#### DIRECTIONS FOR THIS TASK
Repeat only the lines below from the one containing "Lemma comp_in_CD v" through the one containing "by move: (eqCD y);", inclusive, exactly as written.

#### EXTRACTED DATA
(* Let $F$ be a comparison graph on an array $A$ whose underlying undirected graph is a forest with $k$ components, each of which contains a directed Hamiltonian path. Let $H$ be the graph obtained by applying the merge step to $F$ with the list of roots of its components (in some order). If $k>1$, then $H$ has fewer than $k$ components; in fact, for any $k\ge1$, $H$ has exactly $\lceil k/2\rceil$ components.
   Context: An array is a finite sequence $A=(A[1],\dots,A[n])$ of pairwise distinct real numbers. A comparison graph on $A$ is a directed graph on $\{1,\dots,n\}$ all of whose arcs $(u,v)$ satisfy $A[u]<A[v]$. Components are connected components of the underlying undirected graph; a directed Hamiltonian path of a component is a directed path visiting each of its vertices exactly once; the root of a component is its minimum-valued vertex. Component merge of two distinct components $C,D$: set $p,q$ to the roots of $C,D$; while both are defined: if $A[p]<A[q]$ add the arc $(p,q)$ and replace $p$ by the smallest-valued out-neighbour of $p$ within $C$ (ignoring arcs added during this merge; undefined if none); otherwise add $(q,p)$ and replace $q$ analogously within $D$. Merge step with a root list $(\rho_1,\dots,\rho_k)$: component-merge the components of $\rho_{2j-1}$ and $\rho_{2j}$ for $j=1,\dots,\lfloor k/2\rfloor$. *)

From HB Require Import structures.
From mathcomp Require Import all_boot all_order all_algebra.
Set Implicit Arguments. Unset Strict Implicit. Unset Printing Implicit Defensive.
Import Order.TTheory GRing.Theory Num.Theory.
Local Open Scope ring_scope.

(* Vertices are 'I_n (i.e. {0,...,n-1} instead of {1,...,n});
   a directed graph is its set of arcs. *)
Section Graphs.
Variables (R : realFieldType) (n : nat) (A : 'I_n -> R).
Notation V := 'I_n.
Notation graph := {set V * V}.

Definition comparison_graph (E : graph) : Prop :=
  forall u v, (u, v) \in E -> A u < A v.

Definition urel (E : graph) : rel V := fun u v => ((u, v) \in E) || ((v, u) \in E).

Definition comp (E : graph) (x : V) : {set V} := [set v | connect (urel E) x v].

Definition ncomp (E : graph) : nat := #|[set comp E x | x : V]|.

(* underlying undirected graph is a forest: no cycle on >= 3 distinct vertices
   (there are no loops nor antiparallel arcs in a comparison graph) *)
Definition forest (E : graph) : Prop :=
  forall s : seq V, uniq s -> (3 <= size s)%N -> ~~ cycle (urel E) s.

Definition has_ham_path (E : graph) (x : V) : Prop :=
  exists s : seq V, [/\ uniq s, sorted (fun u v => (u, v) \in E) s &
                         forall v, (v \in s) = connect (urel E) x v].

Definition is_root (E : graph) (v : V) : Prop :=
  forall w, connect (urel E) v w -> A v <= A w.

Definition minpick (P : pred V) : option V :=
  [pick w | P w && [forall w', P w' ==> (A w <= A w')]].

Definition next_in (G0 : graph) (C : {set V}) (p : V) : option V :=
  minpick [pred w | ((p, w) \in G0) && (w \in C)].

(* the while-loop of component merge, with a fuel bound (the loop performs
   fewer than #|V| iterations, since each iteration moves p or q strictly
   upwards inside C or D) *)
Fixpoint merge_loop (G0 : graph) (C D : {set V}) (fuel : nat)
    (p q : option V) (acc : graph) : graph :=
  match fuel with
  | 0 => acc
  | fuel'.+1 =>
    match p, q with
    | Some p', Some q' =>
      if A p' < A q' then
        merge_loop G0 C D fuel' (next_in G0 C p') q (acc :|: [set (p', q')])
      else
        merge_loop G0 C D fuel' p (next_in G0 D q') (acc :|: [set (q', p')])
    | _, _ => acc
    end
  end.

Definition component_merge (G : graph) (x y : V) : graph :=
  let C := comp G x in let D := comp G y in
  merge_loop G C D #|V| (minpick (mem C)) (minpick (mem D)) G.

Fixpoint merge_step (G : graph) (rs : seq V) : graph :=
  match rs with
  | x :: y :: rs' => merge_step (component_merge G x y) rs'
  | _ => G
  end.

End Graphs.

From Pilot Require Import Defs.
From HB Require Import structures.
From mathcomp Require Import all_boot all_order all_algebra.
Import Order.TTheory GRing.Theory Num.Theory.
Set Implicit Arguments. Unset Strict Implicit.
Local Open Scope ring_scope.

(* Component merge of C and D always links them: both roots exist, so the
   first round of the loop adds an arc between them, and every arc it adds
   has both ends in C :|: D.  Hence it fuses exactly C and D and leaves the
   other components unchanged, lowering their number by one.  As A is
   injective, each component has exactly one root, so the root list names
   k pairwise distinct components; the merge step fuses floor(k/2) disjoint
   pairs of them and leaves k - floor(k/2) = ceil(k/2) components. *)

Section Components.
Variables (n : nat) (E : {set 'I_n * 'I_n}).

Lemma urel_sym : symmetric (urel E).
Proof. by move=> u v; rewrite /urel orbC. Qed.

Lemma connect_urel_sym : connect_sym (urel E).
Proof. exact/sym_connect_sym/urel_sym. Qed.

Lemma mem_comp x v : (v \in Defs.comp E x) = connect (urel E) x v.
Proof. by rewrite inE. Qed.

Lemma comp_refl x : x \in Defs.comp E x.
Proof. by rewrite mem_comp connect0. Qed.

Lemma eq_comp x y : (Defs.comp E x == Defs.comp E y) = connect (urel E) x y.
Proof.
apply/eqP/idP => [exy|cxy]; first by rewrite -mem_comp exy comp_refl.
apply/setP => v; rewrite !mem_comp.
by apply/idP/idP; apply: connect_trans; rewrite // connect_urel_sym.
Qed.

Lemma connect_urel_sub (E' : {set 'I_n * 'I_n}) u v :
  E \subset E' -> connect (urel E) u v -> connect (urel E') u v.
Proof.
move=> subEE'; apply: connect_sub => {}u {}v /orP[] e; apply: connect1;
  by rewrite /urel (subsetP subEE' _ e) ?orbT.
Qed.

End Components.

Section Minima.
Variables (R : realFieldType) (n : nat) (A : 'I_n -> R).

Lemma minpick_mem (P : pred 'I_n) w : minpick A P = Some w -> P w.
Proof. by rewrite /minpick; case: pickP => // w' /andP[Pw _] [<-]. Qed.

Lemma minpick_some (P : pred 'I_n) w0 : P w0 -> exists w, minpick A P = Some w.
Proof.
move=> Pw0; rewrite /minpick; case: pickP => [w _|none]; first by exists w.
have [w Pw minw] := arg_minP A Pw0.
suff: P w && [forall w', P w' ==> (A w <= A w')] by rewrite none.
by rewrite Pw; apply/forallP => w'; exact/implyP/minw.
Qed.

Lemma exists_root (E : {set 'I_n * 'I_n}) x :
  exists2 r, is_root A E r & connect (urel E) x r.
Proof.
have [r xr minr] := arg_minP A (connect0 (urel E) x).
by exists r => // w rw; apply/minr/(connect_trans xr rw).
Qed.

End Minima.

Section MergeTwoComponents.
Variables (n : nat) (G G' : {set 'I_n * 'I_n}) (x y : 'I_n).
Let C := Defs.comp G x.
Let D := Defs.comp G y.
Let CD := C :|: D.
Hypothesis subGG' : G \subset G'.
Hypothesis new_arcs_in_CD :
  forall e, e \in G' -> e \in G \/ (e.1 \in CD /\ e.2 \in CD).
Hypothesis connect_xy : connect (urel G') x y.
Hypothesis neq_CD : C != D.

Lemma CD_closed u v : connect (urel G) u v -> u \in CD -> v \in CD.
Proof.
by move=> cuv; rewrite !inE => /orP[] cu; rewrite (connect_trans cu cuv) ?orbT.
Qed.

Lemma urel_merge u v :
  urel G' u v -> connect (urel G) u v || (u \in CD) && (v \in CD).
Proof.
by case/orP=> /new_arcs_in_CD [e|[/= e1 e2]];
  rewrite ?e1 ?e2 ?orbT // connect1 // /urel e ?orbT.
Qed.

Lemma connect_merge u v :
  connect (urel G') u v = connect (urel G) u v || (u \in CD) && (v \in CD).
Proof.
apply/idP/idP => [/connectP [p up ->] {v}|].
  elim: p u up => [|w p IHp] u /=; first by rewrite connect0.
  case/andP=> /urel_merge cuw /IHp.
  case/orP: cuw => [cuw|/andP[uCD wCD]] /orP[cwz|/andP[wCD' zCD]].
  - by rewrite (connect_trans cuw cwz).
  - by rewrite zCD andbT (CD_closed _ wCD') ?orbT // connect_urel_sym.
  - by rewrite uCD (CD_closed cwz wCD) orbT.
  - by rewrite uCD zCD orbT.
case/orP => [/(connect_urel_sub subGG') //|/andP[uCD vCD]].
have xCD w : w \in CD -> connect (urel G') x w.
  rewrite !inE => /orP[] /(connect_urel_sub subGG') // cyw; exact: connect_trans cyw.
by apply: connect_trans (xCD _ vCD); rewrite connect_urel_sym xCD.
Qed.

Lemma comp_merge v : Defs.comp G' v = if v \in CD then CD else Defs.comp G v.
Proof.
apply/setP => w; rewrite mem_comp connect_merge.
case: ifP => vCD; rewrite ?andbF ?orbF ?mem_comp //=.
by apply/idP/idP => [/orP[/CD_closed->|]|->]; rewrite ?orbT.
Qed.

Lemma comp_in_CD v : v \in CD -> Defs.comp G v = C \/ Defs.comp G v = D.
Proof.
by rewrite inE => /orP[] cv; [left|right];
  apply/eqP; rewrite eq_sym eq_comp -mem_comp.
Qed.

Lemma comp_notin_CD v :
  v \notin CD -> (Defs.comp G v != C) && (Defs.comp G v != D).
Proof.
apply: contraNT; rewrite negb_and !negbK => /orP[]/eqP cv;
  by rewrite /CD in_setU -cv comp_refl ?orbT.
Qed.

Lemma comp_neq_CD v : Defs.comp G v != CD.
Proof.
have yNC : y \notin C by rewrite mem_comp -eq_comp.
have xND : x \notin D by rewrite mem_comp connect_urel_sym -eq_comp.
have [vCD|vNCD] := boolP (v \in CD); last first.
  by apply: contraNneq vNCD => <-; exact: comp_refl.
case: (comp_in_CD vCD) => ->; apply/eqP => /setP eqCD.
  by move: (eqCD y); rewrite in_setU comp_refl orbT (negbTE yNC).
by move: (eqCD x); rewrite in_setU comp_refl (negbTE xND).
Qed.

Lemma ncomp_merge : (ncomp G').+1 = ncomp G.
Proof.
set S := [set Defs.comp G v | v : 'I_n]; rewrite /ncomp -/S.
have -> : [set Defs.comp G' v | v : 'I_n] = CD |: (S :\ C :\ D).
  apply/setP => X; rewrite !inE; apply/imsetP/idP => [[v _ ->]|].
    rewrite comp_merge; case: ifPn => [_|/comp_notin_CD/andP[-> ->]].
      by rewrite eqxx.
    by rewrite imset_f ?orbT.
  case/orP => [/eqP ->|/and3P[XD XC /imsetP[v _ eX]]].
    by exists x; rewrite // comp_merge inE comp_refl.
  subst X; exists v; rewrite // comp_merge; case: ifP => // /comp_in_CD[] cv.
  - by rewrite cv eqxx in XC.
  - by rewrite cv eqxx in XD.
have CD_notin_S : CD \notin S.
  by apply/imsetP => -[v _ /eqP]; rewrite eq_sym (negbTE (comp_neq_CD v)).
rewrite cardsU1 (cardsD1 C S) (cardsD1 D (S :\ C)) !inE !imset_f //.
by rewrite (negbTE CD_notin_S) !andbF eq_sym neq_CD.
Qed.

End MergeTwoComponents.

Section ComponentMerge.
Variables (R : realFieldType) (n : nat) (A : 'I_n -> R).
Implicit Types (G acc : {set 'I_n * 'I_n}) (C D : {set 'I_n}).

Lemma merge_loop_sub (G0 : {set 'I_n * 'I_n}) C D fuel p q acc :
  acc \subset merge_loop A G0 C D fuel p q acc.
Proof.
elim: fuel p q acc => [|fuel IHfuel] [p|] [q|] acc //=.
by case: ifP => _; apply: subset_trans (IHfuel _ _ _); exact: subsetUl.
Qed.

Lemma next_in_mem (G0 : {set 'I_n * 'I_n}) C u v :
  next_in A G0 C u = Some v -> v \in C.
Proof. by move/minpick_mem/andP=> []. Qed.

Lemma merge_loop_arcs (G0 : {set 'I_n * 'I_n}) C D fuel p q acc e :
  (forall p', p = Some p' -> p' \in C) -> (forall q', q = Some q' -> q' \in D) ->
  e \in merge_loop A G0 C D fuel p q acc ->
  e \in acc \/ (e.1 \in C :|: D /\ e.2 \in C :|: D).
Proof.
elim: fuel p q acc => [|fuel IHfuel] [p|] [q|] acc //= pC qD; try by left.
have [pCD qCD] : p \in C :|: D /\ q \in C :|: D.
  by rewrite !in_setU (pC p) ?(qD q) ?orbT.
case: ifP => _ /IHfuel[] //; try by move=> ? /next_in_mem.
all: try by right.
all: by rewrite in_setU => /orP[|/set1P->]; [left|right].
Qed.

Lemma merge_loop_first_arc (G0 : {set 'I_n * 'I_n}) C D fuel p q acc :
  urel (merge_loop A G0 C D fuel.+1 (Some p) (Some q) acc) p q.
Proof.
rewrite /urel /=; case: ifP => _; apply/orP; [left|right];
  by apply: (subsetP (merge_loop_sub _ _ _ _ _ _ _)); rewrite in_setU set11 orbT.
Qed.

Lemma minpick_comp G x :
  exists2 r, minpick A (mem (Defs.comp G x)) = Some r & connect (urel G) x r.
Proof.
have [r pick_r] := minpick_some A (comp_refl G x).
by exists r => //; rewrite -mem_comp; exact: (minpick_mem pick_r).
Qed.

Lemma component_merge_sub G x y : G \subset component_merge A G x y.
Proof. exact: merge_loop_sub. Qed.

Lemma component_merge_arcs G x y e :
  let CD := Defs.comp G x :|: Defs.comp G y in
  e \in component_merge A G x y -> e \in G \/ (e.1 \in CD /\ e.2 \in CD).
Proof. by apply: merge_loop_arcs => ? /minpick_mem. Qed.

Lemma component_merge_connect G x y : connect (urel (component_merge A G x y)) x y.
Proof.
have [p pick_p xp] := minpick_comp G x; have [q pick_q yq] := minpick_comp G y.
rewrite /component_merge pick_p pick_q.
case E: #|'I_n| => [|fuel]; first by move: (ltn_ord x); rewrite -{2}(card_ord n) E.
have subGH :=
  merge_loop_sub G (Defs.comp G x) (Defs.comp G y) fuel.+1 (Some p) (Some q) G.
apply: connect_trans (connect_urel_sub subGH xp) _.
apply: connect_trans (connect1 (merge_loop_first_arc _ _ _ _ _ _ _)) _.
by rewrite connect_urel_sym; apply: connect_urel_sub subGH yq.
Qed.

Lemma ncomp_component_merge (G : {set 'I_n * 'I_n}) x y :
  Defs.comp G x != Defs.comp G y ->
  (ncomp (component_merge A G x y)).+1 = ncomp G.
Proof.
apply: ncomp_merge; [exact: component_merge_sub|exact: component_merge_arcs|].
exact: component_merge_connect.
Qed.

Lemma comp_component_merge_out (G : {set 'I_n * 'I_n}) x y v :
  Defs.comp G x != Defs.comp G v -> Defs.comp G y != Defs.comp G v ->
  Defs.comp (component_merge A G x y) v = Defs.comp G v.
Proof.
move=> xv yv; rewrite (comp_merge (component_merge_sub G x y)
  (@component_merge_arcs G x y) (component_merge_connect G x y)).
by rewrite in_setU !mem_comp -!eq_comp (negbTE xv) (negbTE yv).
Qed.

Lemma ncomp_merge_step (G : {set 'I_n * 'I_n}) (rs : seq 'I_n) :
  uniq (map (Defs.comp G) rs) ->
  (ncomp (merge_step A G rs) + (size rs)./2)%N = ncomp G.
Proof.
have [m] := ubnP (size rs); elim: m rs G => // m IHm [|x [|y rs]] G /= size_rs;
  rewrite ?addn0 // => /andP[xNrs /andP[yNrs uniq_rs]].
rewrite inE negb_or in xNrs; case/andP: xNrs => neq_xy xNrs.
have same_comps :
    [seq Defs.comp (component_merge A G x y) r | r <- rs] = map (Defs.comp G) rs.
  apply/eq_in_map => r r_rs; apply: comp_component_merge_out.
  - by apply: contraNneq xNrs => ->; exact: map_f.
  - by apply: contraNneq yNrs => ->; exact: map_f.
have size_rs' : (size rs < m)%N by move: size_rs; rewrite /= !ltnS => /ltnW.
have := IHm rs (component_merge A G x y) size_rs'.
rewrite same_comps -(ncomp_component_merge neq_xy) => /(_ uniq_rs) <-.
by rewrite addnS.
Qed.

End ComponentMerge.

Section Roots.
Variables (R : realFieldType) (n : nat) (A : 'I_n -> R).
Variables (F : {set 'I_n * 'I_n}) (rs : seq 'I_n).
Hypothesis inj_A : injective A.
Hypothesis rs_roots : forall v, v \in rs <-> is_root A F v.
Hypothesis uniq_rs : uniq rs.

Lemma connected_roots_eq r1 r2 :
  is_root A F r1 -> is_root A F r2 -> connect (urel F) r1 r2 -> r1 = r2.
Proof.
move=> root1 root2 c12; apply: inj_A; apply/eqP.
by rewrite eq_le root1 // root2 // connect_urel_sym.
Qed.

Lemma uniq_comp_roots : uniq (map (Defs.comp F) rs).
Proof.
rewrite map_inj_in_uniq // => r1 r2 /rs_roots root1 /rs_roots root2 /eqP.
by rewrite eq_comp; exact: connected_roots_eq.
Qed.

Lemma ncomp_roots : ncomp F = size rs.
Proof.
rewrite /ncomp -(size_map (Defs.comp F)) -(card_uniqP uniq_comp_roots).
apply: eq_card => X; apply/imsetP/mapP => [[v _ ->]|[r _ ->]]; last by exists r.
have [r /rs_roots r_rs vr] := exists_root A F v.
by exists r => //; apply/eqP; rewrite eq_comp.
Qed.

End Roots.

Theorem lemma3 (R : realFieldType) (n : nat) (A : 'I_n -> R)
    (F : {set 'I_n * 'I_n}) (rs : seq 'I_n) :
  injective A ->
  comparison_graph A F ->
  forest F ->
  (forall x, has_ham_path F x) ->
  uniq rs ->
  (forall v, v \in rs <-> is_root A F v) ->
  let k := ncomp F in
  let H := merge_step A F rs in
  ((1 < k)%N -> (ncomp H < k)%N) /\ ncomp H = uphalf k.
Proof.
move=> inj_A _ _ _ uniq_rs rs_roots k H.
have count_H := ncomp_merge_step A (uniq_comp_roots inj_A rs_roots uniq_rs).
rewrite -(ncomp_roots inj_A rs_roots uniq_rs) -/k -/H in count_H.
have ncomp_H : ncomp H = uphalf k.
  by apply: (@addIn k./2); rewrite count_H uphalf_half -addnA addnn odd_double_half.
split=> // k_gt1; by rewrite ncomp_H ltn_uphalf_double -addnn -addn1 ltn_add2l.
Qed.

#### WRITTEN SOLUTION
Lemma comp_in_CD v : v \in CD -> Defs.comp G v = C \/ Defs.comp G v = D.
Proof.
by rewrite inE => /orP[] cv; [left|right];
  apply/eqP; rewrite eq_sym eq_comp -mem_comp.
Qed.

Lemma comp_notin_CD v :
  v \notin CD -> (Defs.comp G v != C) && (Defs.comp G v != D).
Proof.
apply: contraNT; rewrite negb_and !negbK => /orP[]/eqP cv;
  by rewrite /CD in_setU -cv comp_refl ?orbT.
Qed.

Lemma comp_neq_CD v : Defs.comp G v != CD.
Proof.
have yNC : y \notin C by rewrite mem_comp -eq_comp.
have xND : x \notin D by rewrite mem_comp connect_urel_sym -eq_comp.
have [vCD|vNCD] := boolP (v \in CD); last first.
  by apply: contraNneq vNCD => <-; exact: comp_refl.
case: (comp_in_CD vCD) => ->; apply/eqP => /setP eqCD.
  by move: (eqCD y); rewrite in_setU comp_refl orbT (negbTE yNC).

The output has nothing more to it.